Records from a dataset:
============

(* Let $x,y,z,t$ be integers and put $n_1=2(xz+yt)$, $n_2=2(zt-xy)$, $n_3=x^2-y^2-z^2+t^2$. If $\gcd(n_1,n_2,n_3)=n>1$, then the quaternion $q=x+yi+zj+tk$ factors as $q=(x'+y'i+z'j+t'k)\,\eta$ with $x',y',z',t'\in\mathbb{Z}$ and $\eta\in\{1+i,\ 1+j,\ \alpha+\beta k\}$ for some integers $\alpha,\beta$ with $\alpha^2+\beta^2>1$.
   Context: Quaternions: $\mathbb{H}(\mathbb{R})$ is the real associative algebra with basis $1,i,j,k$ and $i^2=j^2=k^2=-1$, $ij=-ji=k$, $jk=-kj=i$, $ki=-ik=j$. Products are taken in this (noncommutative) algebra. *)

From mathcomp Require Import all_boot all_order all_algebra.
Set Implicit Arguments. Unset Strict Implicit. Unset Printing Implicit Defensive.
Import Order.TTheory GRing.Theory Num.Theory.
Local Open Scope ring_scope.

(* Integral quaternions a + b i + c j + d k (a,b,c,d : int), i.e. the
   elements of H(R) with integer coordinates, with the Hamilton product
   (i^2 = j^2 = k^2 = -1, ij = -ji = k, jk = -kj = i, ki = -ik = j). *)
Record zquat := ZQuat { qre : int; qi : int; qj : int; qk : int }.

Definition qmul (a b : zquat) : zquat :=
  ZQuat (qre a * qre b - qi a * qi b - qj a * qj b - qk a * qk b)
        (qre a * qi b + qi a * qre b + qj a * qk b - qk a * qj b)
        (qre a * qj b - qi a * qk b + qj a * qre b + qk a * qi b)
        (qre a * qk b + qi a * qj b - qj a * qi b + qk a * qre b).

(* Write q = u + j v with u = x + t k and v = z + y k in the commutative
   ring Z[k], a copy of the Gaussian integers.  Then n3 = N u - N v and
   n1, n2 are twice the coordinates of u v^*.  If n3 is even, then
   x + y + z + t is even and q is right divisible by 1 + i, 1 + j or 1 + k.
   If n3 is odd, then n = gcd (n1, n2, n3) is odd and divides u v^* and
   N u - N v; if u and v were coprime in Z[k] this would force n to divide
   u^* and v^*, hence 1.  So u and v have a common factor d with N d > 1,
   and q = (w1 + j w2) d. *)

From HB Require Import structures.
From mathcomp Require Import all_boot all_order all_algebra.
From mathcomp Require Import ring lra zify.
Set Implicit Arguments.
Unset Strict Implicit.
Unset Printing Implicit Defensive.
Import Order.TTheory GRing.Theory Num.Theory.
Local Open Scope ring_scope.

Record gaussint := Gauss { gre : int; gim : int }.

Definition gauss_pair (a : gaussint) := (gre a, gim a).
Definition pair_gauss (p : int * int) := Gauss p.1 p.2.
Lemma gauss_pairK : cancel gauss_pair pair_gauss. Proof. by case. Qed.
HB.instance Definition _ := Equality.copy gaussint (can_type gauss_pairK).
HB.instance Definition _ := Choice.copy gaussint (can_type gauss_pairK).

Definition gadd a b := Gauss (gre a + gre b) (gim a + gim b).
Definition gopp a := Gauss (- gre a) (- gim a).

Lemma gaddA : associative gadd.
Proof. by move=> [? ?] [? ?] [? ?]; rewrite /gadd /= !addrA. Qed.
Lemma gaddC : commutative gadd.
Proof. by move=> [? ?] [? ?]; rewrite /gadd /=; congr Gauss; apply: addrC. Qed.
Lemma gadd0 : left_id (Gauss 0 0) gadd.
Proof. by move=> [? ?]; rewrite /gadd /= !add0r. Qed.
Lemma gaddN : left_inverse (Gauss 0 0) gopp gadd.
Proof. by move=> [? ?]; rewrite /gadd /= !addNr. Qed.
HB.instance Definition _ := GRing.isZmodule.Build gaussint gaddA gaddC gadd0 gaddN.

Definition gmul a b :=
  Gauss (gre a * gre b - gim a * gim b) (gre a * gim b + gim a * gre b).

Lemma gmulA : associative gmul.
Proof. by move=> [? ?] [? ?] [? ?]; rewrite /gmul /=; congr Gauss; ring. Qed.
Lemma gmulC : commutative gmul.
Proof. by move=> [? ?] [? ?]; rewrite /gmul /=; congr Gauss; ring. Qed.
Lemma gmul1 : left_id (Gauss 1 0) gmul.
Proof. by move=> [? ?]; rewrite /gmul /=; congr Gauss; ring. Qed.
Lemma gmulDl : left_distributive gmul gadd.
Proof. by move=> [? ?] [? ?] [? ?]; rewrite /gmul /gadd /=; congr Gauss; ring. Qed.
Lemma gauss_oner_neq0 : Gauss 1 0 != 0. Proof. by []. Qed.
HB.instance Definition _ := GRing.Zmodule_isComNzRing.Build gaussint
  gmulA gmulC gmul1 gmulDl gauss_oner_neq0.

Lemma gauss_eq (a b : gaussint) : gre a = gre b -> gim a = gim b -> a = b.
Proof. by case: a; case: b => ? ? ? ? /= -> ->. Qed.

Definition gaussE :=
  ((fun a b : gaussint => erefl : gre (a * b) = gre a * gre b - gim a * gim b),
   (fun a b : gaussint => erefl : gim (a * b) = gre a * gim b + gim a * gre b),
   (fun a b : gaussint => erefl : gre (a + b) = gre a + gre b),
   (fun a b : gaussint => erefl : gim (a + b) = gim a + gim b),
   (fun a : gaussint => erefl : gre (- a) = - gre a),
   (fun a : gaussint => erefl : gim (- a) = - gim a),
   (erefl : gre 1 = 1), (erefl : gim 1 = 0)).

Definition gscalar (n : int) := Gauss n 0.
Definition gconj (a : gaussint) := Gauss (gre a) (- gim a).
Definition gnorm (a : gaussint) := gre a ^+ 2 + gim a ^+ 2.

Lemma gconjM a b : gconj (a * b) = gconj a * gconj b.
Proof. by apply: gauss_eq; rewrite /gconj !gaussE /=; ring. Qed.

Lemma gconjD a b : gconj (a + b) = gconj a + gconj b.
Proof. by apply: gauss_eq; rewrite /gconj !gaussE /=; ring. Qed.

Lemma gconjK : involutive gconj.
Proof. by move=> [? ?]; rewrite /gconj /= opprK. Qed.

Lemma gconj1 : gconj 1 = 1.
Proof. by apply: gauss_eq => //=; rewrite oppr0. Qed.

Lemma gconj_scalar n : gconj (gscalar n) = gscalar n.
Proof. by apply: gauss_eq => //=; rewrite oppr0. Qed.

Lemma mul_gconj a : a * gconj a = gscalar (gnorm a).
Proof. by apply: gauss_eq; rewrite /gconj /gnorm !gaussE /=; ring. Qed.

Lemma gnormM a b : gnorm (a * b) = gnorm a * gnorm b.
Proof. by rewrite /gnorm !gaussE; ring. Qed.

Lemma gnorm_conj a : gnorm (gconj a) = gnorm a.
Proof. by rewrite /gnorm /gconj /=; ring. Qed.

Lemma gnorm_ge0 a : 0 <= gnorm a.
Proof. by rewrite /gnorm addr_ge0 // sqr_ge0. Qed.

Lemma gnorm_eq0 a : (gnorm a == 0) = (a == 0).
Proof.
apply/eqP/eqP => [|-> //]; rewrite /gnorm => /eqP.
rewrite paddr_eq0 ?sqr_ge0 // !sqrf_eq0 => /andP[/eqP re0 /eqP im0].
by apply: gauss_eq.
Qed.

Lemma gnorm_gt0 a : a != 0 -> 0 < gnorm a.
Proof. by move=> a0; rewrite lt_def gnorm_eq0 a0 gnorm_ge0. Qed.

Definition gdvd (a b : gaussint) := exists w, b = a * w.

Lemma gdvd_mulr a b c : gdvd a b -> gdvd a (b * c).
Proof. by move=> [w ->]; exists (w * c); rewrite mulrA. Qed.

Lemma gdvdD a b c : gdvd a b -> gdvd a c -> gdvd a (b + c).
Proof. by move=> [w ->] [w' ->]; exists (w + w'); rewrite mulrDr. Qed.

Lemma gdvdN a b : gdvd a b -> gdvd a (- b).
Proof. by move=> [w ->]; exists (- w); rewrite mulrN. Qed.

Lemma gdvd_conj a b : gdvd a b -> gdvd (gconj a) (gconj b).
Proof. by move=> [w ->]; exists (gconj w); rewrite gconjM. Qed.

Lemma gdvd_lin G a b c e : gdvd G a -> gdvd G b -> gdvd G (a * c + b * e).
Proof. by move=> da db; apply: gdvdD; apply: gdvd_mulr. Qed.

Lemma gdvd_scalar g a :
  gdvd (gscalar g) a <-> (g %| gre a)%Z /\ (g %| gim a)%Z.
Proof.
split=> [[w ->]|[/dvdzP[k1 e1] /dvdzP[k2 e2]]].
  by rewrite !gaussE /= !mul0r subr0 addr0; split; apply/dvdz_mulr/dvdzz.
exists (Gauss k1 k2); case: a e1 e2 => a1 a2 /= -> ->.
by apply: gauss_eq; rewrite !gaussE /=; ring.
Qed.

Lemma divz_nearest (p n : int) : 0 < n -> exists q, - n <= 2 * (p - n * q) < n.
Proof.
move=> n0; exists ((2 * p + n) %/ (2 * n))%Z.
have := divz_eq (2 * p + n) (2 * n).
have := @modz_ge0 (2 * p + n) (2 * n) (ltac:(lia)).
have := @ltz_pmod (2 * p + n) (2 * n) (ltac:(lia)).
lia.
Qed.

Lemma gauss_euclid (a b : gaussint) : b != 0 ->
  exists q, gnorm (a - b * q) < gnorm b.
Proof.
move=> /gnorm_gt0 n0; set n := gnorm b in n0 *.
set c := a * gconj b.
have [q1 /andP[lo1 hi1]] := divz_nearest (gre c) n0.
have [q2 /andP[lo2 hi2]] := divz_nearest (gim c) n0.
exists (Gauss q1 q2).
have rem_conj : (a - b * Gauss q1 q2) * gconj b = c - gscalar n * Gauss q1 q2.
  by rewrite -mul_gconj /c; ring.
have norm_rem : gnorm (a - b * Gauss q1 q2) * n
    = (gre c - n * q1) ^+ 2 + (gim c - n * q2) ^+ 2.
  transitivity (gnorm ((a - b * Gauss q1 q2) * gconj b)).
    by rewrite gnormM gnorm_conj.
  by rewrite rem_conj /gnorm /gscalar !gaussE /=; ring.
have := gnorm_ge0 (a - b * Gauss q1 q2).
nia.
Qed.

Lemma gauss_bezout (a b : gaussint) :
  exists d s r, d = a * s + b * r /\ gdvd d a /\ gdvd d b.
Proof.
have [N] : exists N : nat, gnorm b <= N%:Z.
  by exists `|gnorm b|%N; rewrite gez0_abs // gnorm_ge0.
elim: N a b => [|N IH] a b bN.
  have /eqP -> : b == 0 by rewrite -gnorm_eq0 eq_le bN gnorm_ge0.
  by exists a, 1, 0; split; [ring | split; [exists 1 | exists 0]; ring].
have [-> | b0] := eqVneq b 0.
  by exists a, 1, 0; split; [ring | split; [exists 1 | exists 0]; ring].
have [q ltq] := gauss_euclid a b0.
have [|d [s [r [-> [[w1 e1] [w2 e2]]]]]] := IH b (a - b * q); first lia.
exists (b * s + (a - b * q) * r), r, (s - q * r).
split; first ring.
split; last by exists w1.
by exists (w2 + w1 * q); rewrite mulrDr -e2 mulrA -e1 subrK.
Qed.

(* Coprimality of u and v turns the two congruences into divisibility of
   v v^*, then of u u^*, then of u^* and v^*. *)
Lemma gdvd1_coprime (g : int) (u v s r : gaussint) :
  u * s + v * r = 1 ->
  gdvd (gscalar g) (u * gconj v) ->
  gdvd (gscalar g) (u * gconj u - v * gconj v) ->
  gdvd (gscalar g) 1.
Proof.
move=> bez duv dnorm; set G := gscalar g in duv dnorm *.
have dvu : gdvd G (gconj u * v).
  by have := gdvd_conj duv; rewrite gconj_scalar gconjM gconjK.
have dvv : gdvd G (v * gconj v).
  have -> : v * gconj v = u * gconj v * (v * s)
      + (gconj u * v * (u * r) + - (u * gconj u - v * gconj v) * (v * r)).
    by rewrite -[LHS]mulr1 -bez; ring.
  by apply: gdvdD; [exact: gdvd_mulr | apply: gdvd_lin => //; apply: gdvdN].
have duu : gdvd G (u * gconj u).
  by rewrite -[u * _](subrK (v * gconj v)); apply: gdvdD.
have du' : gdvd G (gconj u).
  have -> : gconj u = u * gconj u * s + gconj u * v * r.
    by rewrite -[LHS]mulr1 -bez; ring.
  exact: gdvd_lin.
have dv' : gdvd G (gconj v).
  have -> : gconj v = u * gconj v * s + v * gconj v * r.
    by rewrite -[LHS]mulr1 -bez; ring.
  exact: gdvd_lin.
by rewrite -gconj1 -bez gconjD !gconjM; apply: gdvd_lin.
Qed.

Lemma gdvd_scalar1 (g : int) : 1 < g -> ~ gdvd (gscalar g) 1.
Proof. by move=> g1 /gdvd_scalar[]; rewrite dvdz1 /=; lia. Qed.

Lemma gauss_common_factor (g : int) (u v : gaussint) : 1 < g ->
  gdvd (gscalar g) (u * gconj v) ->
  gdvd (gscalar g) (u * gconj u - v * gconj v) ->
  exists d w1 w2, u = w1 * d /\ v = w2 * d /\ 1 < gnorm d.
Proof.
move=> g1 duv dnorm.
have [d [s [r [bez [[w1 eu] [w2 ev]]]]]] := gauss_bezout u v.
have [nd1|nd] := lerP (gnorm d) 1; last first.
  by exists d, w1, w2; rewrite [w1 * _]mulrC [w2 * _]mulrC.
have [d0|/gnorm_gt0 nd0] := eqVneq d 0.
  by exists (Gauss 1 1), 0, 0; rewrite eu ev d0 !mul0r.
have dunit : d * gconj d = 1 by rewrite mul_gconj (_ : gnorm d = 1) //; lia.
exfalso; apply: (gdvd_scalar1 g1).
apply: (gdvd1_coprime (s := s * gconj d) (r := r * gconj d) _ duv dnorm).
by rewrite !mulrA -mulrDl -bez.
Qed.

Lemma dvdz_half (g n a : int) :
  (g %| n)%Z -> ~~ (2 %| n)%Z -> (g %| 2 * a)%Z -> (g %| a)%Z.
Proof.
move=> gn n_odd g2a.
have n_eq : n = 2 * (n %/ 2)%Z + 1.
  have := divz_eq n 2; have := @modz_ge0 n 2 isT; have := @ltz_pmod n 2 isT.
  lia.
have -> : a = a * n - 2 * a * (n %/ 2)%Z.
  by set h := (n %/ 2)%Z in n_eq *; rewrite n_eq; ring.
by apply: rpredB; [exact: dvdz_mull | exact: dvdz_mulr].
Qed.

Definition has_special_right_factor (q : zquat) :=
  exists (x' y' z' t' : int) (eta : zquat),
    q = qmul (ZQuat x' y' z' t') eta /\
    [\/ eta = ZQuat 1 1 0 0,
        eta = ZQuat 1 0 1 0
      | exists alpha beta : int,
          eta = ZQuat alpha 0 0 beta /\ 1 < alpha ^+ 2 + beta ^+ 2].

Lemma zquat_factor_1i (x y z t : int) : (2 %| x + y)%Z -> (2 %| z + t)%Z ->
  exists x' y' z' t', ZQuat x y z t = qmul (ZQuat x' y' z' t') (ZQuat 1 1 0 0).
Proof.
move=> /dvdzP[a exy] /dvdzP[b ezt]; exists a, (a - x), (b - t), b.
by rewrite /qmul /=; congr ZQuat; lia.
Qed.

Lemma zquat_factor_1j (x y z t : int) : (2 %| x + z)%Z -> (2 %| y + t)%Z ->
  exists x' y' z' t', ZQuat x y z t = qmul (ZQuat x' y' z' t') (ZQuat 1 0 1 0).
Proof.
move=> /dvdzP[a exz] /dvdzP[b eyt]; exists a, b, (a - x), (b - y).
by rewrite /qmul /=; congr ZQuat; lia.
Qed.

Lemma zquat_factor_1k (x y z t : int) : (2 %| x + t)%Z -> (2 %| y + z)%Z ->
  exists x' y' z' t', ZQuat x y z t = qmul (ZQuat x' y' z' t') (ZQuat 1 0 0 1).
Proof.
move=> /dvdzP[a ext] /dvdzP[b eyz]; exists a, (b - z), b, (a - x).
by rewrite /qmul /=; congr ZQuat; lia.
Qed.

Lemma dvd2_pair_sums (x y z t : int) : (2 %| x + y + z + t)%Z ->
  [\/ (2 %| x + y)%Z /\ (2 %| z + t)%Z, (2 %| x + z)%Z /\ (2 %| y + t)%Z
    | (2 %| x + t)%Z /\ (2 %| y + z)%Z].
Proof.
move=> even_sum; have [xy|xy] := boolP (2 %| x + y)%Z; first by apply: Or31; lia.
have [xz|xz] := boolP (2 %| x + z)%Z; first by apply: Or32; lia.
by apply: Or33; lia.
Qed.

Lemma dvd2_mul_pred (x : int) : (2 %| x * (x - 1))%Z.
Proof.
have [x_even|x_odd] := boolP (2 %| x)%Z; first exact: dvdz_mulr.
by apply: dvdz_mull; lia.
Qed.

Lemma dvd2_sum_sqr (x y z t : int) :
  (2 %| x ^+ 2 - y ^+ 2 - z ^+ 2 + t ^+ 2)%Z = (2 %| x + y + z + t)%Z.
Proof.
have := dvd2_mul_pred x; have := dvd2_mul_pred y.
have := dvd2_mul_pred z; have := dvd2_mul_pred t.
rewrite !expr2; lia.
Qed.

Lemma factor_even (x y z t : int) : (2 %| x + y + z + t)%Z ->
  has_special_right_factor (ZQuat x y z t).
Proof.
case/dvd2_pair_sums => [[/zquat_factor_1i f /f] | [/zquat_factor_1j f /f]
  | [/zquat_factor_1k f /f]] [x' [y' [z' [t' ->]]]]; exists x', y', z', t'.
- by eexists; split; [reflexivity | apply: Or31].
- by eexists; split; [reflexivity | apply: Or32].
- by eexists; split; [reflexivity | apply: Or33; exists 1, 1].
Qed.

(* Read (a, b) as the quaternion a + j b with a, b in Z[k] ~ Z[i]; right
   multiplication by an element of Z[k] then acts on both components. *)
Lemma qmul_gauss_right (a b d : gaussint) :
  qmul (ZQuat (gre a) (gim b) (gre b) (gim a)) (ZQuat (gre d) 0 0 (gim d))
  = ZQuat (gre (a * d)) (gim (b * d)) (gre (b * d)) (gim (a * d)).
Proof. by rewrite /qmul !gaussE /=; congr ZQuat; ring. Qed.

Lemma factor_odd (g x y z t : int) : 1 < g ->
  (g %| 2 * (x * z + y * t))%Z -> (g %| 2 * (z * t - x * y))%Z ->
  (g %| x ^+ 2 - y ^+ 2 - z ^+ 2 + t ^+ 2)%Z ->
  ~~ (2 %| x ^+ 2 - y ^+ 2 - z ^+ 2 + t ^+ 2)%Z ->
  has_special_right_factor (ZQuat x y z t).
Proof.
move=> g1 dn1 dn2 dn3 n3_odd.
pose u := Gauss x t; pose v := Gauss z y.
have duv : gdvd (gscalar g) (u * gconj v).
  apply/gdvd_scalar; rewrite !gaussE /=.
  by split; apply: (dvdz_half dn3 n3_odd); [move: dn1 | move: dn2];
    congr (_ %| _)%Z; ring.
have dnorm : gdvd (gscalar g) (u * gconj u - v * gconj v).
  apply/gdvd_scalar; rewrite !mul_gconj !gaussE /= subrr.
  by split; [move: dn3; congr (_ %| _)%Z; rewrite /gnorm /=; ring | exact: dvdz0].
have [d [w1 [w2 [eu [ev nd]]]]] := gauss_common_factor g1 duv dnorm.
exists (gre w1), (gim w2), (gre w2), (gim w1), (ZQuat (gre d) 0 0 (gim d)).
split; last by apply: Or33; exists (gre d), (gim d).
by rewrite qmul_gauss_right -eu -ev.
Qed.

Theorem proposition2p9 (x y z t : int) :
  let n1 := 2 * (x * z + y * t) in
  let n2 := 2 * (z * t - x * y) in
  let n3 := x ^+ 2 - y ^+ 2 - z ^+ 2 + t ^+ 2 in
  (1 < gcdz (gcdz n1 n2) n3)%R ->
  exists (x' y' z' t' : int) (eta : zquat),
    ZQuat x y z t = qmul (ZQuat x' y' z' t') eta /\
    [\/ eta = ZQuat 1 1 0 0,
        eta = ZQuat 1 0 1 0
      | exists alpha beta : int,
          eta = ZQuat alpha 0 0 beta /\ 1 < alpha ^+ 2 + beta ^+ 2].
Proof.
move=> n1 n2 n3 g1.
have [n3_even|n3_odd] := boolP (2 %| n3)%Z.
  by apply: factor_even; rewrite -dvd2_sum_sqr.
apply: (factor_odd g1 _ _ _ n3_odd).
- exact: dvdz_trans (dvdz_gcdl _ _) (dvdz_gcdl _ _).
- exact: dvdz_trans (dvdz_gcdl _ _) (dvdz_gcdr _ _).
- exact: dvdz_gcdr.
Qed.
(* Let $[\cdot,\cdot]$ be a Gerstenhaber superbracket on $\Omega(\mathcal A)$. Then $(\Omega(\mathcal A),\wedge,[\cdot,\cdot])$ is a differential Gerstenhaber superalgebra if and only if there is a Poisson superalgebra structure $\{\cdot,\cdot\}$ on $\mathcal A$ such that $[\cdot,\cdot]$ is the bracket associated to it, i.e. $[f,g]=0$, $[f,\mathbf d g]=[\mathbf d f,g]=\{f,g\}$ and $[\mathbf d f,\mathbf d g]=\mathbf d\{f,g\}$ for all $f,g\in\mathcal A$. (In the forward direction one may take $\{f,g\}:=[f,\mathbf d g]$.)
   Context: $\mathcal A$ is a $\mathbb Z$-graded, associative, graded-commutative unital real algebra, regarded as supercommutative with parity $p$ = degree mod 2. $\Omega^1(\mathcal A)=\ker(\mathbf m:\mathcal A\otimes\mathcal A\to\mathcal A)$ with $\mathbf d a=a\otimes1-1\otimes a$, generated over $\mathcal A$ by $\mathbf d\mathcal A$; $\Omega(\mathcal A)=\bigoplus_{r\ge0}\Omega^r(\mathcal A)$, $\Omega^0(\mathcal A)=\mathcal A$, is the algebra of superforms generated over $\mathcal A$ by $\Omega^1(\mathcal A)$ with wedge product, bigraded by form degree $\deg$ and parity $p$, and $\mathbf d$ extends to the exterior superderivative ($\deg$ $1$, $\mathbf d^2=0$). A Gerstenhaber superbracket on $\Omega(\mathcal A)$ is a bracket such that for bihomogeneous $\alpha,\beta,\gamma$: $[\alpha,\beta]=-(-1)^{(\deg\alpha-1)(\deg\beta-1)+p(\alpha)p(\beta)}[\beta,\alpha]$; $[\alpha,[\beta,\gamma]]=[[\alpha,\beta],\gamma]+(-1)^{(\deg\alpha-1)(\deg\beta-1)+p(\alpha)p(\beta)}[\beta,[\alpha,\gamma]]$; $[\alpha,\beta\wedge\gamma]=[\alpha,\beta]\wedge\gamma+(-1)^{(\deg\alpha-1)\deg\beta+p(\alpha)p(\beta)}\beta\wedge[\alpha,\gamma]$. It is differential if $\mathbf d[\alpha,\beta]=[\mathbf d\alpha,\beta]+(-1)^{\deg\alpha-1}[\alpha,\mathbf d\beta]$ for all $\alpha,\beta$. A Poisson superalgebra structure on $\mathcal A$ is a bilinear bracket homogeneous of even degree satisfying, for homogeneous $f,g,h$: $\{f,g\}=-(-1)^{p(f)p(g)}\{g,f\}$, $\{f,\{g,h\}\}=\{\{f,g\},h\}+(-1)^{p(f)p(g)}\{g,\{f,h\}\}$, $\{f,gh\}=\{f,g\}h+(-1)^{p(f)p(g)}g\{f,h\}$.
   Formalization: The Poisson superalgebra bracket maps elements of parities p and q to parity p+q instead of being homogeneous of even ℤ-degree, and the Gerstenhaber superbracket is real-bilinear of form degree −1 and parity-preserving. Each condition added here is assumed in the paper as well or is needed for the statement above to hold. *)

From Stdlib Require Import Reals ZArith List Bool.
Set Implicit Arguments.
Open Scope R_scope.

============

### Directions for this task:
Every line from the line containing "by exists (Gauss" through the line containing "move=> /dvdzP[a exz]" in the records above must be retyped exactly. Leave out the rest.

### Response to the task:
  by exists (Gauss 1 1), 0, 0; rewrite eu ev d0 !mul0r.
have dunit : d * gconj d = 1 by rewrite mul_gconj (_ : gnorm d = 1) //; lia.
exfalso; apply: (gdvd_scalar1 g1).
apply: (gdvd1_coprime (s := s * gconj d) (r := r * gconj d) _ duv dnorm).
by rewrite !mulrA -mulrDl -bez.
Qed.

Lemma dvdz_half (g n a : int) :
  (g %| n)%Z -> ~~ (2 %| n)%Z -> (g %| 2 * a)%Z -> (g %| a)%Z.
Proof.
move=> gn n_odd g2a.
have n_eq : n = 2 * (n %/ 2)%Z + 1.
  have := divz_eq n 2; have := @modz_ge0 n 2 isT; have := @ltz_pmod n 2 isT.
  lia.
have -> : a = a * n - 2 * a * (n %/ 2)%Z.
  by set h := (n %/ 2)%Z in n_eq *; rewrite n_eq; ring.
by apply: rpredB; [exact: dvdz_mull | exact: dvdz_mulr].
Qed.

Definition has_special_right_factor (q : zquat) :=
  exists (x' y' z' t' : int) (eta : zquat),
    q = qmul (ZQuat x' y' z' t') eta /\
    [\/ eta = ZQuat 1 1 0 0,
        eta = ZQuat 1 0 1 0
      | exists alpha beta : int,
          eta = ZQuat alpha 0 0 beta /\ 1 < alpha ^+ 2 + beta ^+ 2].

Lemma zquat_factor_1i (x y z t : int) : (2 %| x + y)%Z -> (2 %| z + t)%Z ->
  exists x' y' z' t', ZQuat x y z t = qmul (ZQuat x' y' z' t') (ZQuat 1 1 0 0).
Proof.
move=> /dvdzP[a exy] /dvdzP[b ezt]; exists a, (a - x), (b - t), b.
by rewrite /qmul /=; congr ZQuat; lia.
Qed.

Lemma zquat_factor_1j (x y z t : int) : (2 %| x + z)%Z -> (2 %| y + t)%Z ->
  exists x' y' z' t', ZQuat x y z t = qmul (ZQuat x' y' z' t') (ZQuat 1 0 1 0).
Proof.
move=> /dvdzP[a exz] /dvdzP[b eyt]; exists a, b, (a - x), (b - y).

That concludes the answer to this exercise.